(Collected data)
* * * * *
(* Let $X$ be a space possessing a binary normal closed subbase $\mathcal S$, and let $Z$ be an arbitrary space. Then every $\mathcal S$-continuous set-valued map $\Phi\colon Z\to X$ whose values $\Phi(z)$, $z\in Z$, are (nonempty) closed $\mathcal S$-convex subsets of $X$ has a continuous single-valued selection, i.e. a continuous map $h\colon Z\to X$ with $h(z)\in\Phi(z)$ for all $z\in Z$. More generally, if $A\subset Z$ is closed and every continuous map from $A$ to $X$ can be extended to a continuous map from $Z$ to $X$, then every continuous selection $g\colon A\to X$ for $\Phi|A$ extends to a continuous selection $h\colon Z\to X$ for $\Phi$ (i.e. $h|A=g$).
   Context: All spaces are Tychonoff; single-valued maps are continuous; set-valued maps have nonempty values. A family $\mathcal S$ of closed subsets of $X$ is a closed subbase if every closed subset of $X$ is an intersection of finite unions of members of $\mathcal S$. A family of sets is linked if any two of its members intersect; $\mathcal S$ is binary if every linked subfamily of $\mathcal S$ has nonempty intersection. $\mathcal S$ is normal if for every $S_0,S_1\in\mathcal S$ with $S_0\cap S_1=\varnothing$ there exist $T_0,T_1\in\mathcal S$ with $S_0\cap T_1=\varnothing=T_0\cap S_1$ and $T_0\cup T_1=X$. For $B\subset X$ let $I_{\mathcal S}(B)=\bigcap\{S\in\mathcal S: B\subset S\}$. A set $B\subset X$ is $\mathcal S$-convex if $I_{\mathcal S}(\{x,y\})\subset B$ for all $x,y\in B$. A set-valued map $\Phi\colon Z\to X$ is $\mathcal S$-continuous if for every $S\in\mathcal S$ both sets $\{z\in Z:\Phi(z)\cap(X\setminus S)\neq\varnothing\}$ and $\{z\in Z:\Phi(z)\subset X\setminus S\}$ are open in $Z$. *)

From HB Require Import structures.
From mathcomp Require Import all_boot all_order all_algebra.
From mathcomp Require Import all_classical all_reals all_analysis.
Set Implicit Arguments. Unset Strict Implicit. Unset Printing Implicit Defensive.
Import Order.TTheory GRing.Theory Num.Theory.
Local Open Scope classical_set_scope.

Definition tychonoff_space (T : topologicalType) : Prop :=
  completely_regular_space T /\ hausdorff_space T.

Section subbase.
Context {X : topologicalType}.
Implicit Types (S : set (set X)) (B : set X).

Definition finite_union_of S (G : set X) : Prop :=
  exists s : seq (set X), (forall A, A \in s -> S A) /\
    G = \big[setU/set0]_(A <- s) A.

Definition closed_subbase S : Prop :=
  (forall A, S A -> closed A) /\
  (forall F, closed F -> exists G : set (set X),
      (forall U, G U -> finite_union_of S U) /\ F = \bigcap_(U in G) U).

Definition linked (L : set (set X)) : Prop :=
  forall A B, L A -> L B -> A `&` B !=set0.

Definition binary S : Prop :=
  forall L : set (set X), L `<=` S -> linked L -> \bigcap_(A in L) A !=set0.

Definition normal_family S : Prop :=
  forall S0 S1 : set X, S S0 -> S S1 -> S0 `&` S1 = set0 ->
    exists T0 T1 : set X, [/\ S T0, S T1, S0 `&` T1 = set0, T0 `&` S1 = set0
                    & T0 `|` T1 = setT].

Definition I_S S B : set X := \bigcap_(A in [set A | S A /\ B `<=` A]) A.

Definition S_convex S B : Prop :=
  forall x y, B x -> B y -> I_S S [set x; y] `<=` B.

Definition S_continuous {Z : topologicalType} S (Phi : Z -> set X) : Prop :=
  forall A, S A ->
    open [set z | Phi z `&` ~` A !=set0] /\ open [set z | Phi z `<=` ~` A].
End subbase.

From HB Require Import structures.
From mathcomp Require Import all_boot all_order all_algebra.
From mathcomp Require Import all_classical all_reals all_analysis.
From mathcomp Require Import finmap.
Set Implicit Arguments. Unset Strict Implicit. Unset Printing Implicit Defensive.
Local Open Scope classical_set_scope.

(* The selection is a gate map: for a nonempty closed S-convex set C and a
   point x, the members T of S that either contain x and meet C, or contain C,
   form a linked family; by binarity they have a common point, and it is
   unique and lies in C.  Taking h z to be the gate of
   G z in Phi z, for any continuous G : Z -> X, gives a selection that agrees
   with G wherever G already selects, and the S-continuity of Phi turns into
   continuity of h because S is a normal closed subbase. *)

Lemma setU_eqT_cases {T : Type} (A B : set T) x : A `|` B = setT -> A x \/ B x.
Proof. by move=> AB; have : (A `|` B) x by rewrite AB. Qed.

Lemma setI_eq0_notin {T : Type} (A B : set T) x : A `&` B = set0 -> A x -> ~ B x.
Proof. by move=> AB Ax Bx; have : (A `&` B) x by []; rewrite AB. Qed.

Section binary_normal_subbase.
Variables (X : topologicalType) (S : set (set X)).
Hypotheses (cS : closed_subbase S) (hX : hausdorff_space X).
Hypotheses (bS : binary S) (nS : normal_family S).

Lemma closed_subbase_cover F y : closed F -> ~ F y ->
  exists s : seq (set X), [/\ forall A, A \in s -> S A,
    F `<=` \bigcup_(A in [set` s]) A & ~ (\bigcup_(A in [set` s]) A) y].
Proof.
move=> cF Fy; have [G [GS FE]] := cS.2 F cF.
have [U GU Uy] : exists2 U, G U & ~ U y.
  apply: contrapT => nU; apply: Fy; rewrite FE => U GU.
  by apply: contrapT => Uy; apply: nU; exists U.
have [s [sS UE]] := GS U GU.
by exists s; rewrite bigcup_seq -UE; split => // x; rewrite FE; apply.
Qed.

Lemma subbase_separates_points p y : p <> y -> exists2 T, S T & T p /\ ~ T y.
Proof.
move=> py; have cp : closed [set p].
  exact/accessible_closed_set1/hausdorff_accessible.
have [s [sS sp sy]] := closed_subbase_cover cp (nesym py).
have [T sT Tp] := sp p erefl.
by exists T; [exact: sS | split => // Ty; apply: sy; exists T].
Qed.

Lemma subbase_member_sep A y : S A -> ~ A y ->
  exists2 T, S T & T y /\ T `&` A = set0.
Proof.
move=> SA Ay; have [A0|/set0P [a Aa]] := eqVneq A set0.
  have AA : A `&` A = set0 by rewrite A0 setI0.
  have [T0 [T1 [ST0 ST1 _ _ U]]] := nS SA SA AA.
  by case: (setU_eqT_cases y U) => Ty; [exists T0 | exists T1] => //; rewrite A0 setI0.
apply: contrapT => noT.
have meetA T : S T -> T y -> T `&` A !=set0.
  by move=> ST Ty; apply: contrapT => /nonemptyPn TA; apply: noT; exists T.
pose L := [set T | S T /\ T y] `|` [set A].
have [z Lz] : \bigcap_(T in L) T !=set0.
  apply: bS => [T [[]|->] //|T1 T2].
  move=> [[S1 y1]|->] [[S2 y2]|->]; [by exists y | exact: meetA | | by exists a].
  by rewrite setIC; apply: meetA.
have zy : z = y.
  apply: contrapT => /nesym yz; have [T ST [Ty Tz]] := subbase_separates_points yz.
  by apply: Tz; apply: Lz; left.
by apply: Ay; rewrite -zy; apply: Lz; right.
Qed.

Lemma convex_linked_pair C a b L : S_convex S C -> C a -> C b ->
  L `<=` S -> linked L -> (forall T, L T -> T a \/ T b) ->
  C `&` \bigcap_(T in L) T !=set0.
Proof.
move=> convC Ca Cb LS linL Lab.
pose M := L `|` [set T | S T /\ T a /\ T b].
have [q Mq] : \bigcap_(T in M) T !=set0.
  apply: bS => [T [/LS|[]] //|T1 T2].
  move=> [L1|[_ [a1 b1]]] [L2|[_ [a2 b2]]]; first exact: linL.
  - by case: (Lab _ L1) => ?; [exists a | exists b].
  - by case: (Lab _ L2) => ?; [exists a | exists b].
  - by exists a.
exists q; split; last by move=> T LT; apply: Mq; left.
apply: (convC a b Ca Cb) => T [ST abT]; apply: Mq; right.
by split => //; split; apply: abT; [left | right].
Qed.

Lemma convex_linked_seq C (s : seq (set X)) : S_convex S C -> C !=set0 ->
  (forall A, A \in s -> S A /\ A `&` C !=set0) -> linked [set` s] ->
  C `&` \bigcap_(A in [set` s]) A !=set0.
Proof.
move=> convC [c Cc]; elim: s => [|A s IH] sS links.
  by exists c; split => // A; rewrite /= in_nil.
have [|//|q [Cq sq]] := IH.
- by move=> B Bs; apply: sS; rewrite inE Bs orbT.
- by move=> B1 B2 B1s B2s; apply: links; rewrite /= inE ?B1s ?B2s orbT.
have [_ [x [Ax Cx]]] := sS A (mem_head _ _).
apply: (convex_linked_pair convC Cq Cx) => [B /sS [] //|//|B].
by rewrite /= inE => /orP[/eqP->|/sq]; [right | left].
Qed.

Lemma convex_subbase_partner C A y : S A -> ~ A y ->
  (forall B, S B -> C `<=` B -> B y) ->
  exists P, [/\ S P, P y, A `&` P = set0 & P `&` C !=set0].
Proof.
move=> SA Ay CBy; have [T ST [Ty TA]] := subbase_member_sep SA Ay.
have [P0 [P1 [SP0 SP1 AP1 P0T U]]] := nS SA ST (etrans (setIC A T) TA).
have [a Ca P0a] : exists2 a, C a & ~ P0 a.
  apply: contrapT => CP0; apply: (setI_eq0_notin P0T _ Ty); apply: CBy => // x Cx.
  by apply: contrapT => P0x; apply: CP0; exists x.
exists P1; split => //; last by exists a; split => //; case: (setU_eqT_cases a U).
by case: (setU_eqT_cases y U) => // /(setI_eq0_notin P0T).
Qed.

Lemma convex_subbase_sep C y : closed C -> C !=set0 -> S_convex S C -> ~ C y ->
  exists2 A, S A & C `<=` A /\ ~ A y.
Proof.
move=> cC C0 convC Cy; apply: contrapT => noA.
have CBy B : S B -> C `<=` B -> B y.
  by move=> SB CB; apply: contrapT => By; apply: noA; exists B.
have [s [sS Cs sy]] := closed_subbase_cover cC Cy.
have /choice [f fP] : forall A, exists P, A \in s ->
    [/\ S P, P y, A `&` P = set0 & P `&` C !=set0].
  move=> A; have [As|_] := boolP (A \in s); last by exists setT.
  have [P PP] := convex_subbase_partner (sS A As) (fun Ay => sy (ex_intro2 _ _ A As Ay)) CBy.
  by exists P.
have [|B1 B2|q [Cq qf]] := convex_linked_seq (s := map f s) convC C0.
- by move=> _ /mapP [A As ->]; have [] := fP A As.
- move=> /mapP [A1 A1s ->] /mapP [A2 A2s ->]; exists y.
  by have [_ ? _ _] := fP A1 A1s; have [_ ? _ _] := fP A2 A2s.
have [A As Aq] := Cs q Cq; have [_ _ Af _] := fP A As.
by apply: (setI_eq0_notin Af Aq); apply: qf; exact: map_f.
Qed.

Lemma closed_subbase_continuous (Z : topologicalType) (f : Z -> X) :
  (forall A z, S A -> ~ A (f z) -> \forall w \near z, ~ A (f w)) -> continuous f.
Proof.
move=> fS; apply/continuousP => O oO; rewrite openE => z Oz.
have cO : closed (~` O) by rewrite closedC.
have [s [sS Os sz]] := closed_subbase_cover cO (fun nOz => nOz Oz).
have : \forall w \near z, forall A, A \in s -> ~ A (f w).
  apply: filterS (@filter_bigI _ _ (seq_fset tt s) (fun A => [set w | ~ A (f w)])
    (nbhs z) _ _) => [w sw A As|A].
    by apply: sw; rewrite -(seq_fsetE tt) in As.
  by rewrite seq_fsetE => As; apply: fS; [exact: sS | move=> Az; apply: sz; exists A].
apply: filterS => w nsw; apply: contrapT => nOw.
by have [A As Aw] := Os (f w) nOw; apply: nsw As Aw.
Qed.

Definition gate_family (C : set X) (x : X) : set (set X) :=
  [set T | S T /\ ((T x /\ T `&` C !=set0) \/ C `<=` T)].

Definition gate (C : set X) (x : X) : set X := \bigcap_(T in gate_family C x) T.

Lemma gate_nonempty C x : C !=set0 -> gate C x !=set0.
Proof.
move=> [c Cc]; apply: bS => [T [] //|T1 T2].
move=> [_ [[x1 [c1 [T1c1 Cc1]]]|C1]] [_ [[x2 [c2 [T2c2 Cc2]]]|C2]].
- by exists x.
- by exists c1; split => //; apply: C2.
- by exists c2; split => //; apply: C1.
- by exists c; split; [apply: C1 | apply: C2].
Qed.

Lemma gate_id C x : C x -> gate C x x.
Proof. by move=> Cx T [_ [[]|CT]] //; apply: CT. Qed.

Lemma gate_sub C x : closed C -> C !=set0 -> S_convex S C -> gate C x `<=` C.
Proof.
move=> cC C0 convC p gp; apply: contrapT => Cp.
have [A SA [CA Ap]] := convex_subbase_sep cC C0 convC Cp.
by apply: Ap; apply: gp; split => //; right.
Qed.

Lemma gate_unique C x p q : closed C -> C !=set0 -> S_convex S C ->
  gate C x p -> gate C x q -> p = q.
Proof.
move=> cC C0 convC gp gq; apply: contrapT => pq.
have [Cp Cq] := (gate_sub cC C0 convC gp, gate_sub cC C0 convC gq).
have [T ST [Tp Tq]] := subbase_separates_points pq.
have [T' ST' [T'q T'T]] := subbase_member_sep ST Tq.
have [T0 [T1 [ST0 ST1 TT1 T0T' U]]] := nS ST ST' (etrans (setIC T T') T'T).
have T0p : T0 p by case: (setU_eqT_cases p U) => // /(setI_eq0_notin TT1 Tp).
have T1q : T1 q by case: (setU_eqT_cases q U) => // /(setI_eq0_notin T0T') /(_ T'q).
case: (setU_eqT_cases x U) => [T0x|T1x].
- by apply: (setI_eq0_notin T0T' _ T'q); apply: gq; split; [|left; split; [|exists p]].
- by apply: (setI_eq0_notin TT1 Tp); apply: gp; split; [|left; split; [|exists q]].
Qed.

(* Where S-continuity of Phi enters: whether a member of S belongs to the gate
   family is decided by open conditions on Phi and G. *)
Lemma gate_family_near (Z : topologicalType) (Phi : Z -> set X) (G : Z -> X) z0 T0 T1 :
  S_continuous S Phi -> continuous G -> S T0 -> S T1 -> T0 `|` T1 = setT ->
  ~ gate_family (Phi z0) (G z0) T1 ->
  \forall z \near z0, gate_family (Phi z) (G z) T0.
Proof.
move=> PhiS cG ST0 ST1 U notT1.
have T0C w : ~ T1 w -> T0 w by case: (setU_eqT_cases w U).
have [GT1|GT1] := pselect (T1 (G z0)).
  have nb : \forall z \near z0, Phi z `<=` ~` T1.
    apply: open_nbhs_nbhs; split; first exact: (PhiS T1 ST1).2.
    by move=> w Pw T1w; apply: notT1; split => //; left; split => //; exists w.
  by apply: filterS nb => z PT1; split => //; right => w /PT1 /T0C.
have nb1 : \forall z \near z0, Phi z `&` ~` T1 !=set0.
  apply: open_nbhs_nbhs; split; first exact: (PhiS T1 ST1).1.
  apply: contrapT => /nonemptyPn PT1; apply: notT1; split => //; right => w Pw.
  by apply: contrapT => T1w; apply: (setI_eq0_notin PT1 Pw).
have nb2 : \forall z \near z0, ~ T1 (G z).
  apply: (cG z0 (~` T1)); apply: open_nbhs_nbhs; split => //.
  by apply: closed_openC; apply: cS.1.
apply: filterS (filterI nb1 nb2) => z [[v [Pv T1v]] GT1z]; split => //.
by left; split; [exact: T0C | exists v; split => //; exact: T0C].
Qed.

Lemma gate_selection_continuous (Z : topologicalType) (Phi : Z -> set X) (G h : Z -> X) :
  S_continuous S Phi -> continuous G -> (forall z, gate (Phi z) (G z) (h z)) ->
  continuous h.
Proof.
move=> PhiS cG hg; apply: closed_subbase_continuous => A z0 SA Ah.
have [T ST [Th TA]] := subbase_member_sep SA Ah.
have [T0 [T1 [ST0 ST1 TT1 T0A U]]] := nS ST SA TA.
have notT1 : ~ gate_family (Phi z0) (G z0) T1.
  by move=> /(hg z0); apply: setI_eq0_notin TT1 Th.
apply: filterS (gate_family_near PhiS cG ST0 ST1 U notT1) => z T0z.
exact: setI_eq0_notin T0A (hg z T0 T0z).
Qed.

Lemma gate_selection (Z : topologicalType) (Phi : Z -> set X) (G : Z -> X) :
  (forall z, Phi z !=set0 /\ closed (Phi z) /\ S_convex S (Phi z)) ->
  S_continuous S Phi -> continuous G ->
  exists h : Z -> X, [/\ continuous h, forall z, Phi z (h z)
    & forall z, Phi z (G z) -> h z = G z].
Proof.
move=> PhiC PhiS cG.
have /choice [h hg] z : exists p, gate (Phi z) (G z) p.
  by apply: gate_nonempty; case: (PhiC z).
exists h; split; first exact: gate_selection_continuous hg.
  by move=> z; have [? [? ?]] := PhiC z; exact: gate_sub (hg z).
move=> z PG; have [? [? ?]] := PhiC z.
by apply: (gate_unique _ _ _ (hg z)) => //; apply: gate_id.
Qed.

End binary_normal_subbase.

Unset Implicit Arguments.
Set Strict Implicit.

Theorem theorem1p1 (X Z : topologicalType) (S : set (set X)) :
  tychonoff_space X -> tychonoff_space Z ->
  closed_subbase S -> binary S -> normal_family S ->
  (forall Phi : Z -> set X,
     (forall z, Phi z !=set0 /\ closed (Phi z) /\ S_convex S (Phi z)) ->
     S_continuous S Phi ->
     exists h : Z -> X, continuous h /\ forall z, Phi z (h z)) /\
  (forall A : set Z, closed A ->
     (forall g : Z -> X, {within A, continuous g} ->
        exists h : Z -> X, continuous h /\ {in A, h =1 g}) ->
   forall Phi : Z -> set X,
     (forall z, Phi z !=set0 /\ closed (Phi z) /\ S_convex S (Phi z)) ->
     S_continuous S Phi ->
   forall g : Z -> X, {within A, continuous g} -> (forall a, A a -> Phi a (g a)) ->
     exists h : Z -> X, continuous h /\ (forall z, Phi z (h z)) /\ {in A, h =1 g}).
Proof.
move=> [_ hX] _ cS bS nS; split.
  move=> Phi PhiC PhiS.
  (* Binarity applied to the empty family shows that X is nonempty. *)
  have [x0 _] : \bigcap_(A in (set0 : set (set X))) A !=set0 by apply: bS => // ? ? [].
  have [h [ch Ph _]] := gate_selection cS hX bS nS PhiC PhiS (@cst_continuous Z X x0).
  by exists h.
move=> A cA ext Phi PhiC PhiS g cg Pg.
have [G [cG GA]] := ext g cg.
have [h [ch Ph hG]] := gate_selection cS hX bS nS PhiC PhiS cG.
exists h; split=> //; split=> // a Aa.
by rewrite hG (GA a Aa) //; apply: Pg; rewrite -in_setE.
Qed.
* * * * *
What the task requires – Both end lines included, restate word for word the lines above from the line with "(* Where S-continuity" to the line with "apply: contrapT => /nonemptyPn PT1;", and nothing else.

Solution to the exercise –
(* Where S-continuity of Phi enters: whether a member of S belongs to the gate
   family is decided by open conditions on Phi and G. *)
Lemma gate_family_near (Z : topologicalType) (Phi : Z -> set X) (G : Z -> X) z0 T0 T1 :
  S_continuous S Phi -> continuous G -> S T0 -> S T1 -> T0 `|` T1 = setT ->
  ~ gate_family (Phi z0) (G z0) T1 ->
  \forall z \near z0, gate_family (Phi z) (G z) T0.
Proof.
move=> PhiS cG ST0 ST1 U notT1.
have T0C w : ~ T1 w -> T0 w by case: (setU_eqT_cases w U).
have [GT1|GT1] := pselect (T1 (G z0)).
  have nb : \forall z \near z0, Phi z `<=` ~` T1.
    apply: open_nbhs_nbhs; split; first exact: (PhiS T1 ST1).2.
    by move=> w Pw T1w; apply: notT1; split => //; left; split => //; exists w.
  by apply: filterS nb => z PT1; split => //; right => w /PT1 /T0C.
have nb1 : \forall z \near z0, Phi z `&` ~` T1 !=set0.
  apply: open_nbhs_nbhs; split; first exact: (PhiS T1 ST1).1.
  apply: contrapT => /nonemptyPn PT1; apply: notT1; split => //; right => w Pw.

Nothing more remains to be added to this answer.